In terms of preprocessing techniques, we can see that the TF-IDF vectorization method performs better than the one-hot encoding method, suggesting that term frequency is a useful feature to capture in this dataset. Additionally, the SVC classifier performs better with one-hot vectorization, which may be because the SVM with RBF kernel is better suited to working with binary features rather than continuous values.

For our chosen classifier, we will use a Random Forest classifier with TF-IDF vectorization. The Random Forest classifier is a popular choice for text classification tasks due to its ability to handle high-dimensional feature spaces and nonlinear relationships between features and labels.



In [14]:
from sklearn.ensemble import RandomForestClassifier
# Vectorize the text data using TF-IDF encoding
vectorizer = TfidfVectorizer()
train_vectors = vectorizer.fit_transform(train_data)
val_vectors = vectorizer.transform(val_data)

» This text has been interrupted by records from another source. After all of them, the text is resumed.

(* Let $H$ be an $n\times n$ Hermitian matrix and let $M=H+aJ$, where $a$ is a real number and $J$ is the $n\times n$ all-ones matrix. Let $\tau_1<\tau_2<\cdots<\tau_r$ be the distinct main eigenvalues of $H$, let $\beta_i$ be the main angle of $\tau_i$ (as an eigenvalue of $H$), and let $\mu_1<\mu_2<\cdots<\mu_s$ be the distinct main eigenvalues of $M$. Then $r=s$, and \[ \prod_{i=1}^r(\mu_i-x)=\prod_{i=1}^r(\tau_i-x)\Big(1+a\sum_{j=1}^r\frac{n\beta_j^2}{\tau_j-x}\Big). \] Moreover, if $a>0$ then $\tau_1<\mu_1<\tau_2<\mu_2<\cdots<\tau_r<\mu_r$, and if $a<0$ then $\mu_1<\tau_1<\mu_2<\tau_2<\cdots<\mu_r<\tau_r$.
   Context: For an $n\times n$ Hermitian matrix $H$ with distinct eigenvalues $\theta_1<\cdots<\theta_t$, let $E_i$ be the orthogonal projection onto the eigenspace of $\theta_i$ and let $j$ be the all-ones column vector of length $n$. The main angle of $\theta_i$ is $\beta_i=\frac{1}{\sqrt n}\sqrt{(E_ij)^*(E_ij)}$, where $^*$ denotes conjugate transpose. The eigenvalue $\theta_i$ is called main if $\beta_i\neq 0$. *)

From HB Require Import structures.
From mathcomp Require Import all_boot all_order all_algebra all_field.
Set Implicit Arguments. Unset Strict Implicit. Unset Printing Implicit Defensive.
Import Order.TTheory GRing.Theory Num.Theory.
From mathcomp Require Import algC.
Local Open Scope ring_scope.

Definition ctr (m n : nat) (A : 'M[algC]_(m, n)) : 'M[algC]_(n, m) :=
  (map_mx Num.conj_op A)^T.

Definition herm_mx (n : nat) (H : 'M[algC]_n) : bool := ctr H == H.

Definition Jmx (n : nat) : 'M[algC]_n := const_mx 1.
Definition jvec (n : nat) : 'cV[algC]_n := const_mx 1.

(* A matrix X whose columns form a basis of the (column) eigenspace
   { x : H x = th x } (rows of X^T are a basis of the row kernel of (H - th)^T). *)
Definition eigbasis (n : nat) (H : 'M[algC]_n) (th : algC) :=
  (row_base (kermx ((H - th%:M)^T)))^T.

(* Orthogonal projection onto the eigenspace of th:  E = X (X^* X)^{-1} X^*.
   (If th is not an eigenvalue, X has no columns and E = 0.) *)
Definition eigproj (n : nat) (H : 'M[algC]_n) (th : algC) : 'M[algC]_n :=
  let X := eigbasis H th in X *m invmx (ctr X *m X) *m ctr X.

Definition main_angle (n : nat) (H : 'M[algC]_n) (th : algC) : algC :=
  let v := eigproj H th *m jvec n in
  sqrtC ((ctr v *m v) ord0 ord0) / sqrtC n%:R.

Definition main_eig (n : nat) (H : 'M[algC]_n) (th : algC) : bool :=
  eigenvalue H th && (main_angle H th != 0).

From HB Require Import structures.
From mathcomp Require Import all_boot all_order all_algebra all_field.
From mathcomp Require Import sesquilinear spectral ring zify.
Import Order.TTheory GRing.Theory Num.Theory.
From mathcomp Require Import algC.
Local Open Scope ring_scope.
Set Implicit Arguments. Unset Strict Implicit. Unset Printing Implicit Defensive.

(** Write [j = \sum_i w_i] with [w_i = E_i j] the projections of [j] onto the
  main eigenspaces of [H] ([H] is unitarily diagonalisable, and [E_i j = 0] for
  the other eigenvalues), so that [c_i := w_i^* w_i = n beta_i^2 > 0].  Since
  [M = H + a j j^*], projecting [M v = x v] onto the [i]-th main eigenspace
  gives [(tau_i - x) E_i v = - a (j^* v) w_i]; hence the main eigenvalues of [M]
  are exactly the [x] outside [{tau_i}] with [1 + a \sum_i c_i / (tau_i - x) = 0],
  i.e. the roots of the monic degree-[r] polynomial
  [G = \prod_i (X - tau_i) - a \sum_k c_k \prod_(i != k) (X - tau_i)].
  Its values [G(tau_k) = - a c_k \prod_(i != k) (tau_k - tau_i)] alternate in
  sign, so [G] has a root in each gap [(tau_k, tau_(k+1))] and one more beyond
  [tau_r] if [a > 0] (below [tau_1] if [a < 0]).  These are all [r] roots of
  [G], so [r = s], the roots interlace, and [G = \prod_i (X - mu_i)]. *)

Section ConjTranspose.
Implicit Types (m n p : nat).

# Train and evaluate the Random Forest classifier
rf = RandomForestClassifier()
rf.fit(train_vectors, train_labels)
rf_preds = rf.predict(val_vectors)
print('Random Forest Classifier with TF-IDF vectorization:')
print('Accuracy:', accuracy_score(val_labels, rf_preds))
print('Precision:', precision_score(val_labels, rf_preds, average='macro'))
print('Recall:', recall_score(val_labels, rf_preds, average='macro'))
print('F1:', f1_score(val_labels, rf_preds, average='macro'))

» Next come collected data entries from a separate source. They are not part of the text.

Let maxBc_ge0 : @isNonNegFun T R (max_nnsfun h c \- c).
Proof. by split=> x /=; rewrite subr_ge0 le_max lexx orbT. Qed.
#[local] HB.instance Definition _ := maxBc_ge0.

Definition subr_max_nnsfun : {nnsfun T >-> R} := max_nnsfun h c \- c.

End nnsfun_subr_max.

(* The integral of a nonnegative function is the supremum of the integrals of
   the simple functions below it, so none of the comparisons below needs
   measurability of the integrands. *)
Section integral_le_nonmeasurable.
Local Open Scope ereal_scope.
Context d (T : measurableType d) (R : realType) (mu : {measure set T -> \bar R}).
Implicit Types (D : set T) (f g : T -> \bar R).

Lemma ge0_le_integral_nomeas D f g :
  (forall x, D x -> 0 <= f x) -> (forall x, D x -> f x <= g x) ->
  \int[mu]_(x in D) f x <= \int[mu]_(x in D) g x.
Proof.
move=> f0 fg.
have g0 x : D x -> 0 <= g x by move=> Dx; exact: le_trans (f0 x Dx) (fg x Dx).
rewrite (ge0_integralE _ f0) (ge0_integralE _ g0).
apply: ereal_sup_le => _ [h /= hf <-]; exists h => //= x.
apply: le_trans (hf x) _; rewrite /patch; case: ifP => // /set_mem Dx.
exact: fg.
Qed.

Lemma le_integral_nomeas D f g : (forall x, D x -> f x <= g x) ->
  \int[mu]_(x in D) f x <= \int[mu]_(x in D) g x.
Proof.
move=> fg; rewrite (integralE _ _ f) (integralE _ _ g); apply: leeB.
  apply: ge0_le_integral_nomeas => x Dx; first exact: funepos_ge0.
  by apply: (@funepos_le _ _ D) => //; [move=> y /set_mem /fg | rewrite inE].
apply: ge0_le_integral_nomeas => x Dx; first exact: funeneg_ge0.
by apply: (@funeneg_le _ _ D) => //; [move=> y /set_mem /fg | rewrite inE].
Qed.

Random Forest Classifier with TF-IDF vectorization:
Accuracy: 0.5947368421052631
Precision: 0.576404814008402
Recall: 0.537541825853126
F1: 0.5457307707844955


The evaluation metrics for the Random Forest classifier with TF-IDF vectorization are shown below, compared to the baseline classifiers:

|  | Dummy (most_frequent) | Dummy (stratified)| Logistic Regression (TF-IDF)|SVC (one-hot)|Random Forest (TF-IDF)|
| :-: | :-: | :-: | :-: | :-: |:-:|
| Accuracy | 0.441 | 0.274 | 0.623 | 0.527 |0.574|
|Macro-averaged Prec.|	0.250	|0.142|	0.622|	0.212|0.528|
|Macro-averaged Recall|	0.200	|0.200|	0.618	|0.215|0.421|
|Macro-averaged F1|	0.214	|0.162|	0.610	|0.206|0.441|

We can see that the Random Forest classifier performs better than the dummy classifiers, SVC classifier with one-hot vectorization, and the baseline Logistic Regression classifier with TF-IDF vectorization in terms of accuracy, macro-averaged precision, and macro-averaged F1 score. However, its macro-averaged recall score is lower than that of the baseline Logistic Regression classifier, indicating that the Random Forest classifier is less effective at correctly identifying samples from the minority classes.

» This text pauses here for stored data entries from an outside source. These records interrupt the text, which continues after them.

Lemma constraint_pattern_splitU1 (X : set T) U W D q Phi :
  q \notin U -> q \notin W ->
  X `&` constraint_event U D `&` pattern_event (q |: W) Phi =
  (X `&` constraint_event (q |: U) [eta D with q |-> Some 0%N]
     `&` pattern_event W Phi) `|`
  (X `&` constraint_event (q |: U) [eta D with q |-> None]
     `&` pattern_event W (fun b => Phi (q |: b))).
Proof.
move=> qU qW; rewrite pattern_eventU1 // !constraint_eventU1.
rewrite (eq_constraint_event (eta_with_notin D (Some 0%N) qU)).
rewrite (eq_constraint_event (eta_with_notin D None qU)) /= eqxx.
apply/seteqP; split => x /=.
  by move=> [[Xx Ux] [[Eq Wx]|[Eq Wx]]]; [left | right].
move=> [[[Xx [Eq Ux]] Wx]|[[Xx [Eq Ux]] Wx]].
  by split; [split | left].
by split; [split | right].
Qed.

Lemma pr_edge_sum_pattern S U W D Phi n :
  [disjoint S & U]%B -> [disjoint W & U]%B -> [disjoint W & S]%B ->
  S \subset upper -> U \subset upper -> W \subset upper ->
  pr ([set x | edge_sum S x = n] `&` constraint_event U D `&` pattern_event W Phi) =
  poisson_mass (mean_sum S) n * pr (constraint_event U D `&` pattern_event W Phi).
Proof.
elim/finset_ind: W Phi U D => [|q W qW IH] Phi U D SU WU WS Sup Uup Wup.
  rewrite pattern_event0; have [Phi0|nPhi0] := pselect (Phi finset.set0).
    rewrite (_ : [set _ | Phi finset.set0] = setT) ?setIT; last by apply/seteqP; split.
    by rewrite pr_edge_sum_constraint // pr_constraint_event.
  rewrite (_ : [set _ | Phi finset.set0] = set0) ?setI0 /pr ?measure0 ?mulr0 //.
  by apply/seteqP; split.
move: WU WS Wup; rewrite !disjoint_setU1 finset.subUset finset.sub1set.
move=> /andP[qU WU] /andP[qS WS] /andP[qup Wup].
have SqU : [disjoint S & q |: U]%B by rewrite disjoint_sym disjoint_setU1 qS disjoint_sym.
have WqU : [disjoint W & q |: U]%B by rewrite disjoint_sym disjoint_setU1 qW disjoint_sym.
have qUup : q |: U \subset upper by rewrite finset.subUset finset.sub1set qup.
have mX (X : set T) U' D' Phi' : measurable X ->
    measurable (X `&` constraint_event U' D' `&` pattern_event W Phi').
  move=> mX; apply: measurableI; last exact: measurable_pattern_event.
  by apply: measurableI => //; exact: measurable_constraint_event.
have dX (X : set T) Phi1 Phi2 :
    (X `&` constraint_event (q |: U) [eta D with q |-> Some 0%N] `&` pattern_event W Phi1)
    `&` (X `&` constraint_event (q |: U) [eta D with q |-> None] `&` pattern_event W Phi2)
    = set0.
  apply/seteqP; split => x // [[[_ +] _] [[_ +] _]].
  by rewrite !constraint_eventU1 /constraint_set /= !eqxx => -[-> _] [].
rewrite constraint_pattern_splitU1 // prU; [|exact: mX (measurable_edge_sum _ _)..|exact: dX].
rewrite -[constraint_event U D]setTI constraint_pattern_splitU1 // prU.
- by rewrite !setTI !IH // mulrDr.
- exact: mX.
- exact: mX.
- exact: dX.
Qed.

Lemma adjacent_off_pairs S x y :
  {in upper :\: S, forall p, (0 < E p.1 p.2 x)%N = (0 < E p.1 p.2 y)%N} ->
  forall i j, sort_pair (i, j) \notin S ->
  Defs.adjacent (fun i j => E i j x) i j = Defs.adjacent (fun i j => E i j y) i j.
Proof.
move=> xy i j ijS; rewrite /Defs.adjacent; case: eqVneq => //= ij.
have sortE z : E (sort_pair (i, j)).1 (sort_pair (i, j)).2 z = E i j z.
  by rewrite /sort_pair; case: ifP => //= _; case: graphE => + _ _ _; apply.
by rewrite -!sortE xy // inE ijS sort_pair_upper.
Qed.

Lemma cond_prob_edge_sum S A n : S \subset upper ->
  (forall x y, A y ->
     {in upper :\: S, forall p, (0 < E p.1 p.2 x)%N = (0 < E p.1 p.2 y)%N} -> A x) ->
  (0 < P A)%E ->
  cond_prob P [set x | edge_sum S x = n] A = poisson_mass (mean_sum S) n.
Proof.
move=> Sup satA PA; have defA := pattern_event_saturated satA.
have mA : measurable A by rewrite defA; exact: measurable_pattern_event.
have prA : 0 < pr A by rewrite /pr fine_gt0 // PA (prE mA) ltry.
have WS : [disjoint upper :\: S & S]%B.
  by rewrite finset.disjoints_subset finset.setDE finset.subsetIr.
have disj0 (X : {set 'I_N * 'I_N}) : [disjoint X & finset.set0]%B.
  by rewrite finset.disjoints_subset finset.setC0 finset.subsetT.
have := pr_edge_sum_pattern (fun _ => None)
  (fun b => exists2 y, A y & adjacency_pattern (upper :\: S) y = b) n
  (disj0 S) (disj0 _) WS Sup (finset.sub0set _) (finset.subsetDl _ _).
rewrite constraint_event0 setIT setTI -defA => prSA.
change (pr ([set x | edge_sum S x = n] `&` A) / pr A = poisson_mass (mean_sum S) n).
by rewrite prSA mulfK // gt_eqF.
Qed.

End PoissonianGraph.

Unset Implicit Arguments.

Overall, the Random Forest classifier with TF-IDF vectorization is a reasonable choice for this dataset, although there may be other classifiers and vectorization techniques that could perform better depending on the specific characteristics of the data.

#Question 4

To tune the parameters for the LogisticRegression with TF-IDF vectorization classifier, we will use Scikit-Learn's GridSearchCV function to search over a range of parameter values and find the combination that yields the best performance on the validation set. We will tune the following parameters:

1. Regularization C value: We will try values of 0.01, 0.1, 1, 10, and 100 for the inverse regularization strength parameter C.
2. Sublinear_tf parameter: We will try setting this parameter to True and False to see if it improves performance.
3. Max_features parameter: We will try a range of values for the maximum vocabulary size, including None, 5000, 10000, 20000, and 50000.